"There aren't only the 77's," Mesnil Andre broke in, "there's all damned sorts. Spell those out for me—" Those are shrill and cutting whistles, trembling or rattling; and clouds of all shapes gather on the slopes yonder whose vastness shows through them, slopes where our men are in the depths of the dug-outs. Gigantic plumes of faint fire mingle with huge tassels of steam, tufts that throw out straight filaments, smoky feathers that expand as they fall—quite white or greenish-gray, black or copper with gleams of gold, or as if blotched with ink.

The two last explosions are quite near. Above the battered ground they take shape like vast balls of black and tawny dust; and as they deploy and leisurely depart at the wind's will, having finished their task, they have the outline of fabled dragons.

Our line of faces on the level of the ground turns that way, and we follow them with our eyes from the bottom of the trench in the middle of this country peopled by blazing and ferocious apparitions, these fields that the sky has crushed.

"Those, they're the 150 mm. howitzers."—"They're the 210's, calf-head."—"There go the regular guns, too; the hogs! Look at that one!" It was a shell that burst on the ground and threw up earth and debris in a fan-shaped cloud of darkness. Across the cloven land it looked like the frightful spitting of some volcano, piled up in the bowels of the earth.

A diabolical uproar surrounds us. We are conscious of a sustained crescendo, an incessant multiplication of the universal frenzy. A hurricane of hoarse and hollow banging, of raging clamor, of piercing and beast-like screams, fastens furiously with tatters of smoke upon the earth where we are buried up to our necks, and the wind of the shells seems to set it heaving and pitching.

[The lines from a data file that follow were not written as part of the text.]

(* Let $\varepsilon\ge0$ and let $x^\varepsilon_\omega=(y^\varepsilon_\omega,z^\varepsilon_\omega)\in\mathcal{X}$ be an $\varepsilon$-optimal solution of the penalty problem, i.e. $F_\omega(x^\varepsilon_\omega)\le F_\omega(x^\star_\omega)+\varepsilon$ and $z^\varepsilon_\omega(t)\ge0$ for a.e. $t\in\Omega$. Define $C_r=F(x^\star)-\operatorname{ess\,min}_{x\in\mathcal{X},z\ge0}F(x)$. Then $F(x^\varepsilon_\omega)\le F(x^\star)+\varepsilon$ and $r(x^\varepsilon_\omega)\le2\omega(C_r+\varepsilon)$.
   Context: Let $\Omega=(t_0,t_E)$ bounded, $t_1,\dots,t_M\in[t_0,t_E]$; $\mathcal{X}=(H^1(\Omega))^{n_y}\times(L^2(\Omega))^{n_z}$, $x=(y,z)$. For $f:\mathbb{R}^{n_y}\times\mathbb{R}^{n_y}\times\mathbb{R}^{n_z}\times\Omega\to\mathbb{R}$, $c$ (values in $\mathbb{R}^{n_c}$), $b:(\mathbb{R}^{n_y})^M\to\mathbb{R}^{n_b}$: $F(x)=\int_\Omega f(\dot y,y,z,t)dt$, $r(x)=\int_\Omega\|c(\dot y,y,z,t)\|_2^2dt+\|b(y(t_1),\dots,y(t_M))\|_2^2$. The DOP is to minimize $F$ subject to $b(\dots)=0$, $c(\dot y,y,z,t)=0$ and $z\ge0$ a.e.; by assumption it has a global minimizer $x^\star$ (so $r(x^\star)=0$). $F$ is bounded below on $\{x\in\mathcal{X}:z\ge0\}$. For $\omega\in(0,1)$, $F_\omega=F+\frac1{2\omega}r$; the penalty problem is to minimize $F_\omega$ over $\{x\in\mathcal{X}:z\ge0\text{ a.e.}\}$, and $x^\star_\omega$ is a minimizer of it. *)

From HB Require Import structures.
From mathcomp Require Import all_boot all_order all_algebra.
From mathcomp Require Import all_classical all_reals all_analysis.
Set Implicit Arguments. Unset Strict Implicit. Unset Printing Implicit Defensive.
Import Order.TTheory GRing.Theory Num.Theory.
Import numFieldNormedType.Exports.
Local Open Scope classical_set_scope.
Local Open Scope ring_scope.

Section DOP.
Variables (R : realType) (t0 tE : R) (ny nz nc nb M : nat).
Variables (tp : 'I_M -> R).
Variables (f : ('I_ny -> R) -> ('I_ny -> R) -> ('I_nz -> R) -> R -> R).
Variables (c : ('I_ny -> R) -> ('I_ny -> R) -> ('I_nz -> R) -> R -> ('I_nc -> R)).
Variables (b : ('I_M -> 'I_ny -> R) -> ('I_nb -> R)).

Definition Omega : set R := `]t0, tE[.

Definition Xpair := ((R -> 'I_ny -> R) * (R -> 'I_nz -> R))%type.

Definition L2fun (w : R -> R) : Prop :=
  measurable_fun Omega w /\
  (\int[lebesgue_measure]_(t in Omega) ((w t) ^+ 2)%:E < +oo)%E.

(* scalar H^1(Omega), represented by its absolutely continuous representative:
   u(t) = u(t0) + \int_{t0}^t v with v in L^2(Omega) *)
Definition H1fun (u : R -> R) : Prop :=
  exists v : R -> R, L2fun v /\
    forall t, t0 <= t <= tE ->
      (u t)%:E = ((u t0)%:E + \int[lebesgue_measure]_(s in `[t0, t]) (v s)%:E)%E.

Definition inX (x : Xpair) : Prop :=
  (forall i, H1fun (fun t => x.1 t i)) /\ (forall j, L2fun (fun t => x.2 t j)).

(* time derivative (exists a.e. for H^1 functions on an interval) *)
Definition ydot (y : R -> 'I_ny -> R) (t : R) : 'I_ny -> R :=
  fun i => derive1 (fun s => y s i) t.

Definition sqnorm n (v : 'I_n -> R) : R := \sum_(i < n) v i ^+ 2.

Definition Fobj (x : Xpair) : R :=
  Rintegral lebesgue_measure Omega (fun t => f (ydot x.1 t) (x.1 t) (x.2 t) t).

Definition rpen (x : Xpair) : R :=
  Rintegral lebesgue_measure Omega
    (fun t => sqnorm (c (ydot x.1 t) (x.1 t) (x.2 t) t))
  + sqnorm (b (fun k => x.1 (tp k))).

Definition Fomega (omega : R) (x : Xpair) : R := Fobj x + (2 * omega)^-1 * rpen x.

Definition zpos (x : Xpair) : Prop :=
  {ae lebesgue_measure, forall t, Omega t -> forall j, 0 <= x.2 t j}.

Definition penFeasible (x : Xpair) : Prop := inX x /\ zpos x.

Definition dopFeasible (x : Xpair) : Prop :=
  inX x /\ b (fun k => x.1 (tp k)) = 0 /\
  {ae lebesgue_measure, forall t, Omega t -> c (ydot x.1 t) (x.1 t) (x.2 t) t = 0} /\
  zpos x.

Definition dopGlobalMin (xs : Xpair) : Prop :=
  dopFeasible xs /\ forall x, dopFeasible x -> Fobj xs <= Fobj x.

Definition penMin (omega : R) (xo : Xpair) : Prop :=
  penFeasible xo /\ forall x, penFeasible x -> Fomega omega xo <= Fomega omega x.

(* C_r = F(x_star) - ess min over {x in X, z >= 0} of F, read as an infimum *)
Definition Cr (xs : Xpair) : R := Fobj xs - inf [set Fobj x | x in penFeasible].

End DOP.

(** Since a global minimiser [xs] of the DOP has zero residual [r xs = 0], it is
    feasible for the penalty problem with [F_omega xs = F xs].  Chaining
    [F_omega xe <= F_omega xo + eps <= F_omega xs + eps = F xs + eps] and
    dropping the nonnegative penalty term gives the bound on [F xe]; keeping it
    and bounding [F xe] below by the infimum of [F] gives the bound on [r xe]. *)
From HB Require Import structures.
From mathcomp Require Import all_boot all_order all_algebra.
From mathcomp Require Import all_classical all_reals all_analysis.
From mathcomp Require Import lra measurable_realfun.
Set Implicit Arguments. Unset Strict Implicit.
Import Order.TTheory GRing.Theory Num.Theory.
Local Open Scope classical_set_scope.
Local Open Scope ring_scope.
Import HBNNSimple.

Lemma sqnorm_ge0 (R : realType) n (v : 'I_n -> R) : 0 <= sqnorm v.
Proof. by apply: sumr_ge0 => i _; exact: sqr_ge0. Qed.

Lemma sqnorm0 (R : realType) n : sqnorm (0 : 'I_n -> R) = 0.
Proof. by rewrite /sqnorm big1 // => i _; rewrite /= expr0n. Qed.

(* No measurability of [g] is needed: every simple function below [g] vanishes
   almost everywhere, hence has zero integral. *)
Lemma ge0_integral_ae_eq0 d (T : measurableType d) (R : realType)
    (mu : {measure set T -> \bar R}) (D : set T) (g : T -> \bar R) :
  (forall t, D t -> (0 <= g t)%E) -> {ae mu, forall t, D t -> g t = 0%E} ->
  (\int[mu]_(t in D) g t = 0)%E.
Proof.
move=> g0 [N [mN N0 gN]]; rewrite ge0_integralE //.
apply/eqP; rewrite eq_le; apply/andP; split; last first.
  apply: ereal_sup_ubound; exists nnsfun0 => //; last exact: sintegral0.
  by move=> t /=; rewrite patchE; case: ifPn => // /set_mem /g0.
apply/ge_ereal_sup => _ [h /= h_le <-].
have := @integral_nnsfun _ _ _ mu setT measurableT h.
rewrite patch_setT => <-.
rewrite (ae_eq_integral (cst 0%E)) ?integral0 //.
- by apply/measurable_EFinP; exact: measurable_funPT.
- exists N; split => //; apply: subset_trans gN; apply: subsetC => t gt0 _ /=.
  apply/le_anti/andP; split; last by rewrite lee_fin; exact: fun_ge0.
  apply: (le_trans (h_le t)).
  by rewrite patchE; case: ifPn => // /set_mem /gt0 ->.
Qed.

Lemma penalty_bounds (R : realFieldType) (w eps m Fe re Fs : R) :
  0 < w -> 0 <= re -> m <= Fe -> Fe + w^-1 * re <= Fs + eps ->
  Fe <= Fs + eps /\ re <= w * (Fs - m + eps).
Proof.
move=> w0 re0 mFe; set u := w^-1 * re.
have -> : re = w * u by rewrite /u mulrA mulfV ?gt_eqF // mul1r.
have u0 : 0 <= u by rewrite mulr_ge0 // invr_ge0 ltW.
by move=> Fe_le; split; [lra | rewrite ler_pM2l //; lra].
Qed.

Section PenaltyProblem.
Variables (R : realType) (t0 tE : R) (ny nz nc nb M : nat) (tp : 'I_M -> R).
Variables (f : ('I_ny -> R) -> ('I_ny -> R) -> ('I_nz -> R) -> R -> R).
Variables (c : ('I_ny -> R) -> ('I_ny -> R) -> ('I_nz -> R) -> R -> ('I_nc -> R)).
Variables (b : ('I_M -> 'I_ny -> R) -> ('I_nb -> R)).

Local Notation Fobj := (Fobj t0 tE f).
Local Notation rpen := (rpen t0 tE tp c b).
Local Notation Fomega := (Fomega t0 tE tp f c b).
Local Notation dopFeasible := (dopFeasible t0 tE tp c b).
Local Notation penFeasible := (@penFeasible R t0 tE ny nz).

Lemma rpen_ge0 x : 0 <= rpen x.
Proof.
apply: addr_ge0; last exact: sqnorm_ge0.
by apply: Rintegral_ge0 => t _; exact: sqnorm_ge0.
Qed.

Lemma rpen_dopFeasible x : dopFeasible x -> rpen x = 0.
Proof.
move=> [_ [bx0 [[N [mN N0 cN] _]]]]; rewrite /rpen bx0 sqnorm0 addr0 /Rintegral.
rewrite ge0_integral_ae_eq0 // => [t _|]; first by rewrite lee_fin sqnorm_ge0.
exists N; split => //; apply: subset_trans cN; apply: subsetC => t c0 Ot /=.
by rewrite c0 // sqnorm0.
Qed.

Lemma Fomega_dopFeasible omega x : dopFeasible x -> Fomega omega x = Fobj x.
Proof. by move/rpen_dopFeasible; rewrite /Fomega => ->; rewrite mulr0 addr0. Qed.

Lemma dopFeasible_penFeasible x : dopFeasible x -> penFeasible x.
Proof. by case=> inXx [_ [_ zx]]; split. Qed.

Lemma inf_Fobj_le x :
  (exists m : R, forall y, penFeasible y -> m <= Fobj y) -> penFeasible x ->
  inf [set Fobj y | y in penFeasible] <= Fobj x.
Proof.
move=> [m Fm] px; apply: ge_inf; last by exists x.
by exists m => _ [y py <-]; exact: Fm.
Qed.

End PenaltyProblem.

Theorem mainTheorem10 (R : realType) (t0 tE : R) (ny nz nc nb M : nat)
  (tp : 'I_M -> R)
  (f : ('I_ny -> R) -> ('I_ny -> R) -> ('I_nz -> R) -> R -> R)
  (c : ('I_ny -> R) -> ('I_ny -> R) -> ('I_nz -> R) -> R -> ('I_nc -> R))
  (b : ('I_M -> 'I_ny -> R) -> ('I_nb -> R))
  (xs xo xe : Xpair R ny nz) (omega eps : R) :
  t0 < tE ->
  (forall k, t0 <= tp k <= tE) ->
  dopGlobalMin t0 tE tp f c b xs ->
  (exists m : R, forall x, penFeasible t0 tE x -> m <= Fobj t0 tE f x) ->
  0 < omega < 1 ->
  penMin t0 tE tp f c b omega xo ->
  0 <= eps ->
  penFeasible t0 tE xe ->
  Fomega t0 tE tp f c b omega xe <= Fomega t0 tE tp f c b omega xo + eps ->
  Fobj t0 tE f xe <= Fobj t0 tE f xs + eps /\
  rpen t0 tE tp c b xe <= 2 * omega * (Cr t0 tE f xs + eps).
Proof.
move=> _ _ [xsF _] Fbdd /andP[omega0 _] [_ xo_min] _ xeF xe_opt.
have xe_le_xs : Fomega t0 tE tp f c b omega xe <= Fobj t0 tE f xs + eps.
  rewrite -(Fomega_dopFeasible f omega xsF).
  apply: le_trans xe_opt _; rewrite lerD2r; apply: xo_min.
  exact: dopFeasible_penFeasible xsF.
have w_gt0 : 0 < 2 * omega by rewrite mulr_gt0.
exact: penalty_bounds w_gt0 (rpen_ge0 t0 tE tp c b xe) (inf_Fobj_le Fbdd xeF) xe_le_xs.
Qed.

"Look at that," bawls Barque, "and me that said they were short of munitions!"

"Oh, la, la! We know all about that! That and the other fudge the newspapers squirt all over us!"

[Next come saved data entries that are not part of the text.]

(* Let $k\ge2$, $\beta>0$, $J,B\in\mathbb{R}$, $\theta=\tanh(\beta J)$, $f_\theta(h)=\operatorname{arctanh}(\theta\tanh h)$, and let $h\in\mathbb{R}$ be a solution of $h=k f_\theta(h+\beta B)$. For the translation-invariant boundary condition $h_x=h$ for all $x\in V$, the free energy $F(h)=-\lim_{n\to\infty}\frac{1}{\beta|V_n|}\ln Z_n(h)$ exists and $$F(h)=-\frac{1}{2\beta}\ln\big[4\cosh(h+\beta(B+J))\cosh(h+\beta(B-J))\big].$$
   Context: $\Gamma^k=(V,L)$ is the Cayley tree in which every vertex has $k+1$ neighbours; $x^0\in V$ is a fixed root, $d$ the graph distance, $V_n=\{x:d(x,x^0)\le n\}$, $W_n=\{x:d(x,x^0)=n\}$. For a boundary condition $h=\{h_x\in\mathbb{R}\}_{x\in V}$, $$Z_n(h)=\sum_{\sigma\in\{-1,1\}^{V_n}}\exp\Big\{\beta J\sum_{\langle x,y\rangle\subset V_n}\sigma(x)\sigma(y)+\beta B\sum_{x\in V_n}\sigma(x)+\sum_{x\in W_n}h_x\sigma(x)\Big\},$$ the first sum running over nearest-neighbour pairs with both endpoints in $V_n$. *)

From HB Require Import structures.
From mathcomp Require Import all_boot all_order all_algebra.
From mathcomp Require Import all_classical all_reals all_analysis.
Set Implicit Arguments. Unset Strict Implicit. Unset Printing Implicit Defensive.
Import Order.TTheory GRing.Theory Num.Theory.
Local Open Scope ring_scope.

Definition cosh {R : realType} (x : R) : R := (expR x + expR (- x)) / 2.
Definition tanh {R : realType} (x : R) : R :=
  (expR x - expR (- x)) / (expR x + expR (- x)).
Definition artanh {R : realType} (x : R) : R := ln ((1 + x) / (1 - x)) / 2.

Definition f_theta {R : realType} (theta h : R) : R := artanh (theta * tanh h).

(* ---------------- The Cayley tree Gamma^k ----------------
   A vertex is the (reversed) word of the unique non-backtracking path from
   the root x^0 = [::] : the word [:: a_m; ...; a_1] denotes the vertex reached
   by first going to the a_1-th neighbour of the root (a_1 < k+1), then
   successively to the a_2-th, ..., a_m-th child (a_i < k for i >= 2).
   The parent of a nonempty word is its [behead]; the root has k+1 neighbours,
   every other vertex has k children plus its parent, i.e. k+1 neighbours.
   d(x, x^0) = size x. *)
Fixpoint cayley_word {k : nat} (s : seq 'I_k.+1) : bool :=
  match s with
  | [::] => true
  | [:: _] => true
  | a :: t => (a < k)%N && cayley_word t
  end.

(* y is a child of x (so {x,y} is an edge; every edge is obtained exactly once) *)
Definition cayley_child (k : nat) (x y : seq 'I_k.+1) : bool :=
  (y != [::]) && (behead y == x).

Definition Vn (k n : nat) : finType := {s : n.-bseq 'I_k.+1 | @cayley_word k s}.

Definition vword {k n : nat} (x : Vn k n) : seq 'I_k.+1 := val (val x).

Definition spin {R : realType} (b : bool) : R := if b then 1 else -1.

(* Z_n(h) : configurations sigma in {-1,1}^{V_n}, encoded by booleans via spin *)
Definition Zn {R : realType} (k : nat) (beta J B : R) (h : seq 'I_k.+1 -> R)
    (n : nat) : R :=
  \sum_(sigma : {ffun Vn k n -> bool})
    expR (beta * J * (\sum_(x : Vn k n) \sum_(y : Vn k n | cayley_child (vword x) (vword y))
                        spin (sigma x) * spin (sigma y))
          + beta * B * (\sum_(x : Vn k n) spin (sigma x))
          + \sum_(x : Vn k n | size (vword x) == n) h (vword x) * spin (sigma x)).
Arguments Zn {R} k beta J B h n.

(* Since h = k f, the boundary field can be redistributed along the edges: an
   edge from x to its child y gets the weight  beta J s_x s_y + (h + beta B) s_y - f s_x,
   and what remains is a field beta B + h + f at the root.  The fixed-point equation
   says exactly that the sum of exp(weight) over s_y is a constant
   a = 2 e^-f cosh(h + beta B + beta J), whatever s_x is.  Summing out the spins leaf
   by leaf therefore gives  Z_n = a^(|V_n| - 1) * 2 cosh(beta B + h + f),  so
   ln Z_n = |V_n| ln a + O(1), and the limit is  -ln a / beta  with
   a^2 = 4 cosh(h + beta (B + J)) cosh(h + beta (B - J)). *)

From HB Require Import structures.
From mathcomp Require Import all_boot all_order all_algebra.
From mathcomp Require Import all_classical all_reals all_analysis.
From mathcomp Require Import ring.
Import Order.TTheory GRing.Theory Num.Theory numFieldNormedType.Exports.
Set Implicit Arguments. Unset Strict Implicit.
Local Open Scope ring_scope.

Section CayleyBall.
Variables k n : nat.
Local Notation V := (Vn k n).

Lemma vword_inj : injective (@vword k n).
Proof. by move=> x y /val_inj /val_inj. Qed.

Lemma size_vword (x : V) : (size (vword x) <= n)%N.
Proof. exact: size_bseq. Qed.

Lemma cayley_word_vword (x : V) : cayley_word (vword x).
Proof. exact: valP x. Qed.

Lemma cayley_word_cons (a : 'I_k.+1) w :
  cayley_word (a :: w) = (w == [::]) || ((a < k)%N && cayley_word w).
Proof. by case: w. Qed.

Lemma cayley_word_behead w : @cayley_word k w -> cayley_word (behead w).
Proof. by case: w => [|a [|b t]] //= /andP[]. Qed.

Definition mkV w (Hs : (size w <= n)%N) (Hc : cayley_word w) : V :=
  exist (fun s : n.-bseq 'I_k.+1 => cayley_word s) (Bseq Hs) Hc.

Definition vroot : V := @mkV [::] (leq0n n) erefl.

Lemma size_behead_vword (x : V) : (size (behead (vword x)) <= n)%N.
Proof. by rewrite size_behead (leq_trans (leq_pred _)) ?size_vword. Qed.

Definition vparent (x : V) : V :=
  mkV (size_behead_vword x) (cayley_word_behead (cayley_word_vword x)).

Lemma vword_vparent x : vword (vparent x) = behead (vword x).
Proof. by []. Qed.

Lemma vword_eq0 x : (vword x == [::]) = (x == vroot).
Proof. by rewrite -[[::]]/(vword vroot) (inj_eq vword_inj). Qed.

Lemma size_vparent_lt y :
  y != vroot -> (size (vword (vparent y)) < size (vword y))%N.
Proof. by rewrite -vword_eq0 vword_vparent size_behead; case: (vword y). Qed.

Lemma cayley_childE x y :
  cayley_child (vword x) (vword y) = (y != vroot) && (vparent y == x).
Proof.
by rewrite /cayley_child vword_eq0 -vword_vparent (inj_eq vword_inj).
Qed.

Lemma sum_edges (M : nmodType) (F : V -> V -> M) :
  \sum_x \sum_(y | cayley_child (vword x) (vword y)) F x y =
  \sum_(y | y != vroot) F (vparent y) y.
Proof.
under eq_bigr => x _ do rewrite big_mkcond /=.
rewrite exchange_big /= [RHS]big_mkcond /=; apply: eq_bigr => y _.
under eq_bigr => x _ do rewrite cayley_childE.
case: (y != vroot) => /=; last by rewrite big1.
by rewrite -big_mkcond /= (big_pred1 (vparent y)) // => z; rewrite eq_sym.
Qed.

Definition children (x : V) : {set V} := [set y | (y != vroot) && (vparent y == x)].

Definition nchildren (x : V) : nat :=
  if (size (vword x) < n)%N then (if vword x == [::] then k.+1 else k) else 0.

Lemma vword_child x y : y \in children x -> vword y = head ord0 (vword y) :: vword x.
Proof.
rewrite inE => /andP[ny /eqP <-].
by move: ny; rewrite -vword_eq0 vword_vparent; case: (vword y).
Qed.

Lemma children_heads x : (size (vword x) < n)%N ->
  [set head ord0 (vword y) | y in children x] =
  [set a : 'I_k.+1 | (vword x == [::]) || (a < k)%N].
Proof.
move=> hx; apply/setP => a; rewrite inE; apply/imsetP/idP.
- case=> y hy ->; have := cayley_word_vword y.
  by rewrite (vword_child hy) cayley_word_cons => /orP[-> | /andP[-> _]] //; rewrite orbT.
- move=> ha; have Hs : (size (a :: vword x) <= n)%N by [].
  have Hc : cayley_word (a :: vword x).
    by rewrite cayley_word_cons; case/orP: ha => ->; rewrite ?cayley_word_vword ?orbT.
  exists (mkV Hs Hc) => //; rewrite inE -vword_eq0 /=.
  by apply/eqP/vword_inj.
Qed.

Lemma card_ord_below_max : #|[set a : 'I_k.+1 | (a < k)%N]| = k.
Proof.
rewrite (_ : [set a | _] = [set~ ord_max]) ?cardsC1 ?card_ord //.
by apply/setP => a; rewrite !inE -val_eqE /= ltn_neqAle -ltnS ltn_ord andbT.
Qed.

Lemma card_children x : #|children x| = nchildren x.
Proof.
rewrite /nchildren; case: ltnP => hx.
  have head_inj : {in children x &, injective (fun y => head ord0 (vword y))}.
    move=> y1 y2 h1 h2 e.
    by apply: vword_inj; rewrite (vword_child h1) (vword_child h2) e.
  rewrite -(card_in_imset head_inj) children_heads //.
  case: eqP => _; last exact: card_ord_below_max.
  by rewrite -[RHS]card_ord -cardsT; apply: eq_card => a; rewrite !inE.
apply/eqP; rewrite cards_eq0; apply/set0Pn => -[y hy].
have := size_vword y.
by rewrite (vword_child hy) /= ltnNge hx.
Qed.

Lemma sum_over_parents (M : nmodType) (G : V -> M) :
  \sum_(y | y != vroot) G (vparent y) = \sum_x G x *+ nchildren x.
Proof.
rewrite (partition_big vparent xpredT) //=; apply: eq_bigr => x _.
rewrite -card_children -sumr_const; apply: eq_big => [y|y /andP[_ /eqP->]] //.
by rewrite inE.
Qed.

Lemma card_Vn_ge : (0 < k)%N -> (n.+1 <= #|V|)%N.
Proof.
move=> k_gt0.
have cw i : cayley_word (nseq i (ord0 : 'I_k.+1)).
  by elim: i => // i IH; rewrite [nseq _ _]/= cayley_word_cons IH k_gt0 orbT.
have Hs (i : 'I_n.+1) : (size (nseq i (ord0 : 'I_k.+1)) <= n)%N.
  by rewrite size_nseq -ltnS ltn_ord.
pose line (i : 'I_n.+1) : V := mkV (Hs i) (cw i).
have line_inj : injective line.
  by move=> i j /(congr1 (fun x => size (vword x))); rewrite /= !size_nseq => /val_inj.
by have := leq_card line line_inj; rewrite card_ord.
Qed.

A dull crackle makes itself audible amidst the babel of noise. That slow rattle is of all the sounds of war the one that most quickens the heart.

"The coffee-mill! [note 1] One of ours, listen. The shots come regularly, while the Boches' haven't got the same length of time between the shots; they go crack—crack-crack-crack—crack-crack—crack—"

"Don't cod yourself, crack-pate; it isn't an unsewing-machine at all; it's a motor-cycle on the road to 31 dugout, away yonder."